Chiral resolution, or enantiomeric resolution,[1] is a process in stereochemistry for the separation of racemic mixture into their enantiomers.[2] It is an important tool in the production of optically active compounds, including drugs.[3] Another term with the same meaning is optical resolution.
The use of chiral resolution to obtain enantiomerically pure compounds has the disadvantage of necessarily discarding at least half of the starting racemic mixture. Asymmetric synthesis of one of the enantiomers is one means of avoiding this waste.
Crystallization of diastereomeric salts
editThe most common method for chiral resolution involves conversion of the racemic mixture to a pair of diastereomeric derivatives by reacting them with chiral derivatizing agents, also known as chiral resolving agents. The derivatives which are then separated by conventional crystallization, and converted back to the enantiomers by removal of the resolving agent. The process can be laborious and depends on the divergent solubilities of the diastereomers, which is difficult to predict. Often the less soluble diastereomer is targeted and the other is discarded or racemized for reuse. It is common to test several resolving agents. Typical derivatization involves salt formation between an amine and a carboxylic acid. Simple deprotonation then yields back the pure enantiomer. Examples of chiral derivatizing agents are tartaric acid and the amine brucine. The method was introduced (again) by Louis Pasteur in 1853 by resolving racemic tartaric acid with optically active (+)-cinchotoxine.
Case study
editOne modern-day method of chiral resolution is used in the organic synthesis of the drug duloxetine:[4]
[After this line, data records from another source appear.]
(* Let $\Psi=\{S_j\mid j\in J\}$ be a family of formal power series $S_j:\Sigma^*\to\mathbb{R}^p$ indexed by a finite set $J$. (i) If $\Psi$ admits a stable representation, then $\Psi$ is square summable. (ii) If $\Psi$ is square summable, then every minimal representation of $\Psi$ is stable.
   Context: $\Sigma$ is a finite alphabet, $\Sigma^*$ the set of finite words over $\Sigma$ (including the empty word $\epsilon$). For matrices $A_\sigma$ ($\sigma\in\Sigma$) and $w=\sigma_1\cdots\sigma_k$, write $A_w=A_{\sigma_k}\cdots A_{\sigma_1}$, $A_\epsilon=I$. A representation of $\Psi$ is a tuple $R=(\mathbb{R}^n,\{A_\sigma\}_{\sigma\in\Sigma},B,C)$ with $A_\sigma\in\mathbb{R}^{n\times n}$, $C\in\mathbb{R}^{p\times n}$, $B=\{B_j\in\mathbb{R}^n\mid j\in J\}$, such that $S_j(w)=CA_wB_j$ for all $j\in J$, $w\in\Sigma^*$; its dimension is $n$. $\Psi$ is rational if it has a representation. A representation is minimal if no representation of $\Psi$ has smaller dimension. $R$ is stable if all eigenvalues of $\sum_{\sigma\in\Sigma}A_\sigma^T\otimes A_\sigma^T$ have modulus $<1$. $\Psi$ is square summable if $\sum_{w\in\Sigma^*}\|S_j(w)\|_2^2<\infty$ for every $j\in J$. *)

(* Stdlib reals (R_scope). Matrices/vectors are plain functions on
   nat indices; only the indices below the stated dimension are meaningful. *)
From Stdlib Require Import Reals List.
Import ListNotations.
Open Scope R_scope.

Fixpoint rsum (n : nat) (f : nat -> R) : R :=
  match n with
  | O => 0
  | S k => rsum k f + f k
  end.

Definition vec := nat -> R.
Definition mat := nat -> nat -> R.

Definition idm : mat := fun i j => if Nat.eqb i j then 1 else 0.
Definition mmul (n : nat) (X Y : mat) : mat :=
  fun i k => rsum n (fun l => X i l * Y l k).
Definition mvec (n : nat) (X : mat) (v : vec) : vec :=
  fun i => rsum n (fun l => X i l * v l).
Definition trm (X : mat) : mat := fun i j => X j i.
(* Kronecker product of two n x n matrices, an (n*n) x (n*n) matrix,
   row/column index (i1*n + i2) <-> pair (i1,i2) *)
Definition kron (n : nat) (X Y : mat) : mat :=
  fun a b => X (a / n)%nat (b / n)%nat * Y (a mod n)%nat (b mod n)%nat.

(* Alphabet Sigma = {0,...,m-1}; a word is a list of letters.
   The word sigma_1 ... sigma_k is the list [sigma_1; ...; sigma_k]. *)
Definition word_over (m : nat) (w : list nat) : Prop :=
  Forall (fun s => (s < m)%nat) w.

(* A_w = A_{sigma_k} ... A_{sigma_1}, A_eps = I *)
Fixpoint Aw (n : nat) (A : nat -> mat) (w : list nat) : mat :=
  match w with
  | [] => idm
  | s :: w' => mmul n (Aw n A w') (A s)
  end.

(* Family Psi = {S_j | j in J}, J = {0,...,q-1}; S j w : R^p (indices < p).
   (n, A, B, C) is a representation of Psi: A s (s < m) are n x n,
   B j in R^n (j < q), C is p x n, and S_j(w) = C A_w B_j. *)
Definition is_rep (m p q : nat) (S : nat -> list nat -> vec)
  (n : nat) (A : nat -> mat) (B : nat -> vec) (C : mat) : Prop :=
  forall j w, (j < q)%nat -> word_over m w ->
    forall i, (i < p)%nat ->
      S j w i = mvec n C (mvec n (Aw n A w) (B j)) i.

Definition minimal_rep (m p q : nat) (S : nat -> list nat -> vec)
  (n : nat) (A : nat -> mat) (B : nat -> vec) (C : mat) : Prop :=
  is_rep m p q S n A B C /\
  forall n' A' B' C', is_rep m p q S n' A' B' C' -> (n <= n')%nat.

Definition stab_mat (m n : nat) (A : nat -> mat) : mat :=
  fun a b => rsum m (fun s => kron n (trm (A s)) (trm (A s)) a b).

(* lambda = a + i b is a (complex) eigenvalue of the real N x N matrix M:
   there is a nonzero complex vector x + i y with M (x + i y) = lambda (x + i y). *)
Definition is_eigenvalue (N : nat) (M : mat) (a b : R) : Prop :=
  exists x y : vec,
    (exists k, (k < N)%nat /\ (x k <> 0 \/ y k <> 0)) /\
    forall i, (i < N)%nat ->
      mvec N M x i = a * x i - b * y i /\
      mvec N M y i = b * x i + a * y i.

Definition stable (m n : nat) (A : nat -> mat) : Prop :=
  forall a b, is_eigenvalue (n * n) (stab_mat m n A) a b -> a * a + b * b < 1.

Definition sqnorm (p : nat) (v : vec) : R := rsum p (fun i => v i * v i).

(* square summable: for every j, the nonnegative series
   sum_{w in Sigma^*} ||S_j(w)||^2 is finite, i.e. its finite partial sums
   (over finite sets of distinct words) are bounded. *)
Definition square_summable (m p q : nat) (S : nat -> list nat -> vec) : Prop :=
  forall j, (j < q)%nat ->
    exists K : R, forall L : list (list nat),
      NoDup L -> Forall (word_over m) L ->
      fold_right (fun w acc => sqnorm p (S j w) + acc) 0 L <= K.

(* Write M for the stability matrix and <z, u (x) v> for the pairing of z in R^(n*n) with the
   tensor u (x) v. Then <M^k z, u (x) v> is the sum, over the words w of length k, of
   <z, A_w u (x) A_w v>; for z = vec(C^T C) and u = v = B_j this is the sum of |S_j(w)|^2 over
   the words of length k.
   (i) If all eigenvalues of M lie in the open unit disc, every orbit M^k z is absolutely
   summable (split the characteristic polynomial over C and apply Cayley-Hamilton), and so is
   the series of the |S_j(w)|^2.
   (ii) A minimal representation is reachable and observable, since otherwise a coordinate could
   be dropped. Hence every entry of A_w is a linear combination of outputs S_j(u w v)_i and is
   square summable in w. With u, v unit vectors, the identity above then makes every orbit of M
   absolutely summable, which excludes eigenvalues of modulus >= 1. *)

From Stdlib Require Import Reals List Lra Lia Psatz Classical FinFun.
Import ListNotations.
Open Scope R_scope.

Lemma rsum_ext n f g : (forall i, (i < n)%nat -> f i = g i) -> rsum n f = rsum n g.
Proof.
  induction n; simpl; intros H; auto.
  rewrite IHn by (intros; apply H; lia). rewrite H by lia. reflexivity.
Qed.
In one of its steps the racemic alcohol 1 is dissolved in a mixture of toluene and methanol to which solution is added optically active (S)-mandelic acid 3. The alcohol (S)-enantiomer forms an insoluble diastereomeric salt with the mandelic acid and can be filtered from the solution. Simple deprotonation with sodium hydroxide liberates free (S)-alcohol. In the meanwhile the (R)-alcohol remains in solution unaffected and is recycled back to the racemic mixture by epimerization with hydrochloric acid in toluene. This process is known as RRR synthesis in which the R's stand for Resolution-Racemization-Recycle.
Common resolving agents
edit- Antimony potassium tartrate, an anion, that forms diastereomeric salts with chiral cations.[5]
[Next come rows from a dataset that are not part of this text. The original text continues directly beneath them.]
Theorem lemma4p2 (Kf : nat -> set algC) (d : nat -> set algC -> rat)
  (hK : forall i, is_number_field (Kf i))
  (hinc : forall i, Kf i `<=` Kf i.+1)
  (hcov : forall x : algC, exists i, Kf i x)
  (hd : forall i v, is_nonarch_place (Kf i) v ->
          d i v = \sum_(w \in places_above (Kf i.+1) (Kf i) v) d i.+1 w) :
  exists c : set algC -> set algC -> rat,
    (consistent c /\
     forall i v, is_nonarch_place (Kf i) v -> c (Kf i) v = d i v) /\
    forall c' : set algC -> set algC -> rat,
      consistent c' ->
      (forall i v, is_nonarch_place (Kf i) v -> c' (Kf i) v = d i v) ->
      forall K v, in_J K v -> c' K v = c K v.
Proof.
exists (tower_extension Kf d); split; first split.
- exact: (tower_extension_consistent hK hinc hcov hd).
- exact: (tower_extension_Kf hK hinc hcov hd).
- exact: (tower_extension_unique hK hinc hcov).
Qed.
- Camphorsulfonic acid, an acid that forms diastereomeric salts with chiral amines
- 1-Phenylethylamine, a base that forms diastereomeric salts with chiral acids.[6] Many related chiral amines have been demonstrated.[7]
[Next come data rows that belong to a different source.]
Section probability_space.
Context {d : measure_display} {T : measurableType d} {P : probability T R}
  {n : nat} {X : nat -> {mfun T >-> R}}.
Local Open Scope ereal_scope.

Lemma integral_expq_conj_pinfty : 0 < P (X 0%N @^-1` ~` good) ->
  \int[P]_w expq (2 - q) (a * X 0%N w) = +oo.
Proof.
move=> bad_gt0.
apply: (@ge0_integral_pinfty _ _ _ P _ (X 0%N @^-1` ~` good)) => // [|w|w /= bad_w].
- by apply: measurable_funPTI; exact: measurableC.
- exact: expq_ge0.
- by rewrite expq_conj_aE ifN //; apply/negP.
Qed.

Lemma integral_expq_conj_fin_le :
  \int[P]_w (expq_conj_fin (X 0%N w))%:E <= \int[P]_w expq (2 - q) (a * X 0%N w).
Proof.
apply: ge0_le_integral_nonmeasurable => w; last exact: expq_conj_fin_le.
by rewrite lee_fin expq_conj_fin_ge0.
Qed.

Hypotheses (hind : mutually_independent P n (fun i => X i))
  (hid : identically_distributed P n (fun i => X i)).

Lemma prob_mean_ge_le x : (0 < 1 - c * x)%R -> P (X 0%N @^-1` ~` good) = 0 ->
  P [set w | x <= n%:R^-1 * \sum_(k < n) X k w]%R <=
  (((1 - c * x) `^ p) ^+ n)%:E * \int[P]_w (\prod_(i < n) expq_conj_fin (X i w))%:E.
Proof.
move=> cx_gt0 bad0.
rewrite -ge0_integralZl_EFin //; last 3 first.
- by move=> w _; rewrite lee_fin prodr_ge0 // => i _; exact: expq_conj_fin_ge0.
- apply/measurable_EFinP; apply: measurable_prod => i _.
  exact: measurableT_comp measurable_expq_conj_fin (measurable_funP (X i)).
- by rewrite exprn_ge0 ?powR_ge0.
under eq_integral do rewrite -EFinM.
apply: (@probability_le_integral _ _ _ P _
  (\bigcap_(i in [set i | (i < n)%N]) (X i @^-1` good))).
- pose S w := (n%:R^-1 * \sum_(k < n) X k w)%R.
  have mS : measurable_fun setT S.
    by apply: measurable_funM => //; apply: measurable_sum => k; exact: measurable_funP.
  rewrite (_ : [set w | _] = S @^-1` `[x, +oo[); last first.
    by apply/seteqP; split => w; rewrite /= in_itv /= andbT.
  by rewrite -[X in measurable X]setTI; exact: mS.
- by apply: bigcap_measurableType => i _; exact: measurable_funPTI.
- etransitivity; first exact: (hind (fun=> good) (fun=> measurable_good)).
  apply: big1 => i _; rewrite -[good]setCK -preimage_setC probability_setC; last first.
    by apply: measurable_funPTI; exact: measurableC.
  rewrite (_ : P _ = 0) ?sube0 //.
  by rewrite -bad0; apply: hid => //; exact: measurableC.
- move=> w; rewrite lee_fin mulr_ge0 ?exprn_ge0 ?powR_ge0 //.
  by apply: prodr_ge0 => i _; exact: expq_conj_fin_ge0.
- move=> w mean_ge good_X; rewrite lee_fin; apply: one_le_expq_prod => // i.
  exact: (good_X i (ltn_ord i)).
Qed.

End probability_space.
End q_exponential_bound.

Theorem proposition3 (d : measure_display) (T : measurableType d) (R : realType)
  (P : probability T R) (q : R) (hq0 : 0 < q) (hq1 : q < 1)
  (n : nat) (hn : (0 < n)%N) (X : nat -> {RV P >-> R})
  (hind : mutually_independent P n (fun i => X i))
  (hid : identically_distributed P n (fun i => X i))
  (x a : R) (ha : 0 < a) (hxa : (1 - q) * a * x < 1) :
  (P [set w | (x <= (n%:R)^-1 * \sum_(k < n) X k w)%R] <=
   (expq q (- (a * x))) ^+ n *
   (\int[P]_w expq (2 - q) (a * X 0%N w)) ^+ n)%E.
Proof.
have cx_gt0 : 0 < 1 - (1 - q) * a * x by rewrite subr_gt0.
rewrite expqE ?mulrN ?mulrA //.
set bad := P (X 0%N @^-1` ~` [set y | 0 < 1 - (1 - q) * a * y]).
have [bad0|bad_neq0] := eqVneq bad 0%E; last first.
  rewrite integral_expq_conj_pinfty //; last by rewrite lt0e bad_neq0 measure_ge0.
  rewrite -(prednK hn) pinfty_expeS muleC gt0_mulye ?leey //.
  by apply: expe_gt0; rewrite lte_fin powR_gt0.
apply: le_trans (prob_mean_ge_le hq1 ha hind hid _ cx_gt0 bad0) _.
rewrite EFin_expe; apply: lee_wpmul2l; first by rewrite expe_ge0 // lee_fin powR_ge0.
apply: le_trans (ge0_integral_prod_iid_le hind hid _
  measurable_expq_conj_fin expq_conj_fin_ge0) _.
apply: lee_expn; last exact: integral_expq_conj_fin_le.
by apply: integral_ge0 => w _; rewrite lee_fin expq_conj_fin_ge0.
Qed.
The chiral pool consists of many widely available resolving agents.[8]
Spontaneous resolution and related specialized techniques
editVia the process known as spontaneous resolution, 5-10% of all racemates crystallize as mixtures of enantiopure crystals.[9] This phenomenon allowed Louis Pasteur to separate left-handed and right-handed sodium ammonium tartrate crystals. These experiments underpinned his discovery of optical activity. In 1882 he went on to demonstrate that by seeding a supersaturated solution of sodium ammonium tartrate with a d-crystal on one side of the reactor and a l-crystal on the opposite side, crystals of opposite handedness will form on the opposite sides of the reactor.
Spontaneous resolution has also been demonstrated with racemic methadone.[10] In a typical setup 50 grams dl-methadone is dissolved in petroleum ether and concentrated. Two millimeter-sized d- and l-crystals are added and after stirring for 125 hours at 40 °C two large d- and l-crystals are recovered in 50% yield.
Another form of direct crystallization is preferential crystallization also called resolution by entrainment of one of the enantiomers. For example, seed crystals of (−)-hydrobenzoin induce crystallization of this enantiomer from an ethanol solution of (±)-hydrobenzoin.
Chiral column chromatography
editIn chiral column chromatography the stationary phase is made chiral with similar resolving agents as described above.
Further reading
editSheldon, Roger Arthur (1993). Chirotechnology: industrial synthesis of optically active compounds. New York, NY: Dekker. ISBN 978-0-8247-9143-8.
References
edit- ^ Kuhn, Reinhard.; Erni, Fritz.; Bereuter, Thomas.; Haeusler, Johannes. (1992-11-15). "Chiral recognition and enantiomeric resolution based on host-guest complexation with crown ethers in capillary zone electrophoresis". Analytical Chemistry. 64 (22): 2815–2820. doi:10.1021/ac00046a026.
- ^ Smith, Michael B.; March, Jerry (2007), Advanced Organic Chemistry: Reactions, Mechanisms, and Structure (6th ed.), New York: Wiley-Interscience, p. 173-179, ISBN 978-0-471-72091-1
- ^ William H. Porter (1991). "Resolution of chiral drugs" (PDF). Pure Appl. Chem. 63 (8): 1119–1122. doi:10.1351/pac199163081119. S2CID 35860450.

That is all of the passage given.